• _PROVIDED DATA_
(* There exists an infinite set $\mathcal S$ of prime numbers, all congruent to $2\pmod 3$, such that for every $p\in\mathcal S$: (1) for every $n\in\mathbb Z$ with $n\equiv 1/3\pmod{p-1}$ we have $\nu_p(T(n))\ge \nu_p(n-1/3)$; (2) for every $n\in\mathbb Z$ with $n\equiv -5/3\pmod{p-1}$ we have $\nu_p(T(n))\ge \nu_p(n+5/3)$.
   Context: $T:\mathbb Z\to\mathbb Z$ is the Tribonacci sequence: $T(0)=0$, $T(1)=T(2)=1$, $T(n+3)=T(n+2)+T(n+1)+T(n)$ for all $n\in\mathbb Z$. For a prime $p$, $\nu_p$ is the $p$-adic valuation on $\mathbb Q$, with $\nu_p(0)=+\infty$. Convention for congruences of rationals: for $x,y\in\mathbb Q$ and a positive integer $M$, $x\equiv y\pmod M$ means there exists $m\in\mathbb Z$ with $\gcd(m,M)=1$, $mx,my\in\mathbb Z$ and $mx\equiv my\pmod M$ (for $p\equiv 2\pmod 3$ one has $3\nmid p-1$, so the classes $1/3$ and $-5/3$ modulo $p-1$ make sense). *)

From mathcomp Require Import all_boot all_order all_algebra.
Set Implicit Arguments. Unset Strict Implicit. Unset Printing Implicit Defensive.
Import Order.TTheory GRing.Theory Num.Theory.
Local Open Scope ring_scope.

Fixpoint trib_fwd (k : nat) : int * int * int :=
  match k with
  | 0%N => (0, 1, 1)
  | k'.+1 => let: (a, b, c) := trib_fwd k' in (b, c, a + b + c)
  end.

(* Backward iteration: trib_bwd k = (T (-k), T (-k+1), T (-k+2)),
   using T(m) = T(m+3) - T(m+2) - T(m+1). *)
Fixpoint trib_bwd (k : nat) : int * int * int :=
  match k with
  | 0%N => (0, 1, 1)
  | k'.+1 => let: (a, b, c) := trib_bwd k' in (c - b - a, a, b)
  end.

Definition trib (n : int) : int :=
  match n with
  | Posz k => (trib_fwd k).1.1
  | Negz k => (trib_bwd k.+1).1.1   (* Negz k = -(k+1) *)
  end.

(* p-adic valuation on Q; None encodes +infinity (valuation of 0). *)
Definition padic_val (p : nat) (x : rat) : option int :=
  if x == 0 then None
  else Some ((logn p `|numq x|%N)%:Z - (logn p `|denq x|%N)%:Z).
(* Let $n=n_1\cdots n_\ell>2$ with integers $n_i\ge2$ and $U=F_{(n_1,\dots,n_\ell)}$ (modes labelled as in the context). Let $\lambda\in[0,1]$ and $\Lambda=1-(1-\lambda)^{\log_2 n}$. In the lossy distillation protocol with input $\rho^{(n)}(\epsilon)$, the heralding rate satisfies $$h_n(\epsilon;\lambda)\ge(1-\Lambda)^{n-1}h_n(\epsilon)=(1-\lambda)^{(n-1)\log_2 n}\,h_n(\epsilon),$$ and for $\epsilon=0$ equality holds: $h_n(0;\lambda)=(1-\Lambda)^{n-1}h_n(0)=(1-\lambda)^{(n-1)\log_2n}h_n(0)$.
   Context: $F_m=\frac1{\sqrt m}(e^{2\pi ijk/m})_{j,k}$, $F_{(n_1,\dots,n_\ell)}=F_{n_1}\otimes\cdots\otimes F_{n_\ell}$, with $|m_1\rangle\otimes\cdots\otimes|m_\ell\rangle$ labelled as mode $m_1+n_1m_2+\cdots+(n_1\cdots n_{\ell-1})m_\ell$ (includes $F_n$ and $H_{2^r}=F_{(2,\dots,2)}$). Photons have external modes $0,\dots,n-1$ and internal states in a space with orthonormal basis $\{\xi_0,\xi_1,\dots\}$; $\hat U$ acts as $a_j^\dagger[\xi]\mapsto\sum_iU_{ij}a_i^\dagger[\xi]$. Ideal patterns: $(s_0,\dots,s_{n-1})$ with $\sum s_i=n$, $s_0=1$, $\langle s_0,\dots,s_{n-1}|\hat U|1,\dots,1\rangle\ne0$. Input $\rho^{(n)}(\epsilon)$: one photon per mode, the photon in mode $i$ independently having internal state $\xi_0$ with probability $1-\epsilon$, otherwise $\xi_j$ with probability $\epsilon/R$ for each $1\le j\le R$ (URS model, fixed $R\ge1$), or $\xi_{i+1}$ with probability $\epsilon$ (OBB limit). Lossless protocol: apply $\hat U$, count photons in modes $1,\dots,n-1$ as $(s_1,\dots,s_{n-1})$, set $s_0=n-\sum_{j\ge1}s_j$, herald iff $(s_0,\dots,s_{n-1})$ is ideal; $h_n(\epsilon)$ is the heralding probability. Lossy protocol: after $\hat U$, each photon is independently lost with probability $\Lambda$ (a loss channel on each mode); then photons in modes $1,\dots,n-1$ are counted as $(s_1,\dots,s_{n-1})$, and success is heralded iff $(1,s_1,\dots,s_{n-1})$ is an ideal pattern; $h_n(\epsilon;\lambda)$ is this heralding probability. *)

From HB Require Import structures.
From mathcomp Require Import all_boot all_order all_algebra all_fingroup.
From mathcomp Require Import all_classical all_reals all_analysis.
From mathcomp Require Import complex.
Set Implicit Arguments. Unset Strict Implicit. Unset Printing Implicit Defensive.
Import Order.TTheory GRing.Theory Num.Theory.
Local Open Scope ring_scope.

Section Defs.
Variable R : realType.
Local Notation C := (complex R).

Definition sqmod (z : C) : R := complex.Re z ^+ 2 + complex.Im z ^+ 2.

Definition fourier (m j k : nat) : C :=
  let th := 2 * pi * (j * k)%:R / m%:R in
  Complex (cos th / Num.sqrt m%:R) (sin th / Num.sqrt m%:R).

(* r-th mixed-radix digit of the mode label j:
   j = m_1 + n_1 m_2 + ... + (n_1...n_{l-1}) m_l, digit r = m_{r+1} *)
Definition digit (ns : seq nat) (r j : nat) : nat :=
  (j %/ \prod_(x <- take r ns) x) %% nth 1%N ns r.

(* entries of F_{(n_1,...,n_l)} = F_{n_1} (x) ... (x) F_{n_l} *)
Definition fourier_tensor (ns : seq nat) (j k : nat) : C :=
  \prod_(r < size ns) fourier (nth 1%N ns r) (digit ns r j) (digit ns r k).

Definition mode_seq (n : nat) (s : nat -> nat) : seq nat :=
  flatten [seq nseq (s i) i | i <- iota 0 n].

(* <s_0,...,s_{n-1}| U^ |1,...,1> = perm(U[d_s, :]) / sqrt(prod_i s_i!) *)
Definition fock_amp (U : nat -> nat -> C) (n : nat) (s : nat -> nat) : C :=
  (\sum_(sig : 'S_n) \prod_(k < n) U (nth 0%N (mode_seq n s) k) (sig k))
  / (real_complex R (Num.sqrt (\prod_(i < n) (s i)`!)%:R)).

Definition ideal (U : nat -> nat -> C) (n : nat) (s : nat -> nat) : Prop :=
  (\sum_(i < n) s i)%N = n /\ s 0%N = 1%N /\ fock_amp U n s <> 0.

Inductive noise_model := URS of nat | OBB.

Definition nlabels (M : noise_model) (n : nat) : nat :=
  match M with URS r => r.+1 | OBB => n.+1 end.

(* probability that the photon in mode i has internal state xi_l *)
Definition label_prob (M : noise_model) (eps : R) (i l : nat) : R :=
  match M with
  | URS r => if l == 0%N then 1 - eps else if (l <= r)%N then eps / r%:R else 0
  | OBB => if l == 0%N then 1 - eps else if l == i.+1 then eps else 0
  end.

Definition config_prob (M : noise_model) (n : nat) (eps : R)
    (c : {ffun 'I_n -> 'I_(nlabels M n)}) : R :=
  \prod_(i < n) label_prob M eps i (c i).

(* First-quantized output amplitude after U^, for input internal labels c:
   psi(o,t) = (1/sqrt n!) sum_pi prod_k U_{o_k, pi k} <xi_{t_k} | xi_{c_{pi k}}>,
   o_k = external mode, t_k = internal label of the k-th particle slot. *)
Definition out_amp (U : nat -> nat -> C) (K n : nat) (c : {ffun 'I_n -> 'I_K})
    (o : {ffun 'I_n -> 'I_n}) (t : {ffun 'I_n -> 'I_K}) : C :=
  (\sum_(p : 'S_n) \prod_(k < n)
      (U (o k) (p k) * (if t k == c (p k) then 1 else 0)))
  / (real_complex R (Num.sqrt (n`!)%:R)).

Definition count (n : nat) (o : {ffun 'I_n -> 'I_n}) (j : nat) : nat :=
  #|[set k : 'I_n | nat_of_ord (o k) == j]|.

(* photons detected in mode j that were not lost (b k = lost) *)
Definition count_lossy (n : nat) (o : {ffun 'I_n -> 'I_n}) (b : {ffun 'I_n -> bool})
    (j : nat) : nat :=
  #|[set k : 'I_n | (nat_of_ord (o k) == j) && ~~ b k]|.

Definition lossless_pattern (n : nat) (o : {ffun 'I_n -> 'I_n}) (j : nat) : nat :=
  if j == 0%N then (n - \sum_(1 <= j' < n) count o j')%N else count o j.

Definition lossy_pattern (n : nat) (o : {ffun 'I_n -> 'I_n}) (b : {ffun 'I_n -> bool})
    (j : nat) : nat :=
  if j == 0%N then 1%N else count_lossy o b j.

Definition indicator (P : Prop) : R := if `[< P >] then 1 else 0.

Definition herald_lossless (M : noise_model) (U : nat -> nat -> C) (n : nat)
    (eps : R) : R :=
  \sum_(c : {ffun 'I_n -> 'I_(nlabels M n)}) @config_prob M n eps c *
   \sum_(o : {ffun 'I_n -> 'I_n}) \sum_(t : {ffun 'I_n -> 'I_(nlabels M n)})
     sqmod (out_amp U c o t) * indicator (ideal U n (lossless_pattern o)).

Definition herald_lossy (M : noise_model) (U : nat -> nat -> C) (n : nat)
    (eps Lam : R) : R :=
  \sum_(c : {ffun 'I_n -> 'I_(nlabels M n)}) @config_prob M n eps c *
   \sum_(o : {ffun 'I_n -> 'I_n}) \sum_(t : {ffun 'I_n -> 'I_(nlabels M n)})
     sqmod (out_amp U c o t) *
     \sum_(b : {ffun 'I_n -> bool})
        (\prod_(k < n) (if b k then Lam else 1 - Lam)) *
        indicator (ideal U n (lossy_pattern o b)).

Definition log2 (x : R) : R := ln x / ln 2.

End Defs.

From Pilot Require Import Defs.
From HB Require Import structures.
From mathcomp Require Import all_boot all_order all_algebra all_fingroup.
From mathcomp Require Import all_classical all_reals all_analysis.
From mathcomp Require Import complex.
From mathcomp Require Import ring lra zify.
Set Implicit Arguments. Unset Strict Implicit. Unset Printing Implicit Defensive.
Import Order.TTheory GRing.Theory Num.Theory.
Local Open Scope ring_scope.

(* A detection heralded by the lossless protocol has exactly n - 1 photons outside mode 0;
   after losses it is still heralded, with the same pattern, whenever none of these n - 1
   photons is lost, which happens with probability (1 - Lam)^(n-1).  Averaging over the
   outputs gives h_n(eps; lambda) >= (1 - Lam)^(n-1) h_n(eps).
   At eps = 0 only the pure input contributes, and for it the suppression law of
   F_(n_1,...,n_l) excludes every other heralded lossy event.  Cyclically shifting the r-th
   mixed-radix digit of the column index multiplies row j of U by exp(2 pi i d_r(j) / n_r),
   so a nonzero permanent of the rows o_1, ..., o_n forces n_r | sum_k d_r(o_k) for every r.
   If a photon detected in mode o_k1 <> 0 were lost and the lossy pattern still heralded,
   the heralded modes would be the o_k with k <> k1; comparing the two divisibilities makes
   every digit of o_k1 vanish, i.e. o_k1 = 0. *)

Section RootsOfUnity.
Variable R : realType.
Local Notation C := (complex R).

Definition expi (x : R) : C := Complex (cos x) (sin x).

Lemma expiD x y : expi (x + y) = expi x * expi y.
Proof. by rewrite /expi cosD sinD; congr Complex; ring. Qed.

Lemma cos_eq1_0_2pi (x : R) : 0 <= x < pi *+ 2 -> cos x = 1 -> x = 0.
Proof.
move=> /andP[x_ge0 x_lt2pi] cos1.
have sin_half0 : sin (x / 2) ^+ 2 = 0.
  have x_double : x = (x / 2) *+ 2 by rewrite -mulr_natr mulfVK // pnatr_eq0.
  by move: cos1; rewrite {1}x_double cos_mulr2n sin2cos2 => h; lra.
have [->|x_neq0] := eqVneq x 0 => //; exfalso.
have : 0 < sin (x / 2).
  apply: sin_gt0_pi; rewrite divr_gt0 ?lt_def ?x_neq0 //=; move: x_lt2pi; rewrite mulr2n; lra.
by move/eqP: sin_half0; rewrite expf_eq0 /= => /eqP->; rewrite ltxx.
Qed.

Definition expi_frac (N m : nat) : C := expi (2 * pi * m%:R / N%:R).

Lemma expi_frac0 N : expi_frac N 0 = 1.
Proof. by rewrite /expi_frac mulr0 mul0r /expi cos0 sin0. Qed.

• _TASK BRIEF_
When you retype the data above, start at its first line, stop after the line containing "using T(m) = T(m+3) - T(m+2) - T(m+1). *)", and leave out everything else.

• _ANSWER FOR THE TASK_
(* There exists an infinite set $\mathcal S$ of prime numbers, all congruent to $2\pmod 3$, such that for every $p\in\mathcal S$: (1) for every $n\in\mathbb Z$ with $n\equiv 1/3\pmod{p-1}$ we have $\nu_p(T(n))\ge \nu_p(n-1/3)$; (2) for every $n\in\mathbb Z$ with $n\equiv -5/3\pmod{p-1}$ we have $\nu_p(T(n))\ge \nu_p(n+5/3)$.
   Context: $T:\mathbb Z\to\mathbb Z$ is the Tribonacci sequence: $T(0)=0$, $T(1)=T(2)=1$, $T(n+3)=T(n+2)+T(n+1)+T(n)$ for all $n\in\mathbb Z$. For a prime $p$, $\nu_p$ is the $p$-adic valuation on $\mathbb Q$, with $\nu_p(0)=+\infty$. Convention for congruences of rationals: for $x,y\in\mathbb Q$ and a positive integer $M$, $x\equiv y\pmod M$ means there exists $m\in\mathbb Z$ with $\gcd(m,M)=1$, $mx,my\in\mathbb Z$ and $mx\equiv my\pmod M$ (for $p\equiv 2\pmod 3$ one has $3\nmid p-1$, so the classes $1/3$ and $-5/3$ modulo $p-1$ make sense). *)

From mathcomp Require Import all_boot all_order all_algebra.
Set Implicit Arguments. Unset Strict Implicit. Unset Printing Implicit Defensive.
Import Order.TTheory GRing.Theory Num.Theory.
Local Open Scope ring_scope.

Fixpoint trib_fwd (k : nat) : int * int * int :=
  match k with
  | 0%N => (0, 1, 1)
  | k'.+1 => let: (a, b, c) := trib_fwd k' in (b, c, a + b + c)
  end.

(* Backward iteration: trib_bwd k = (T (-k), T (-k+1), T (-k+2)),
   using T(m) = T(m+3) - T(m+2) - T(m+1). *)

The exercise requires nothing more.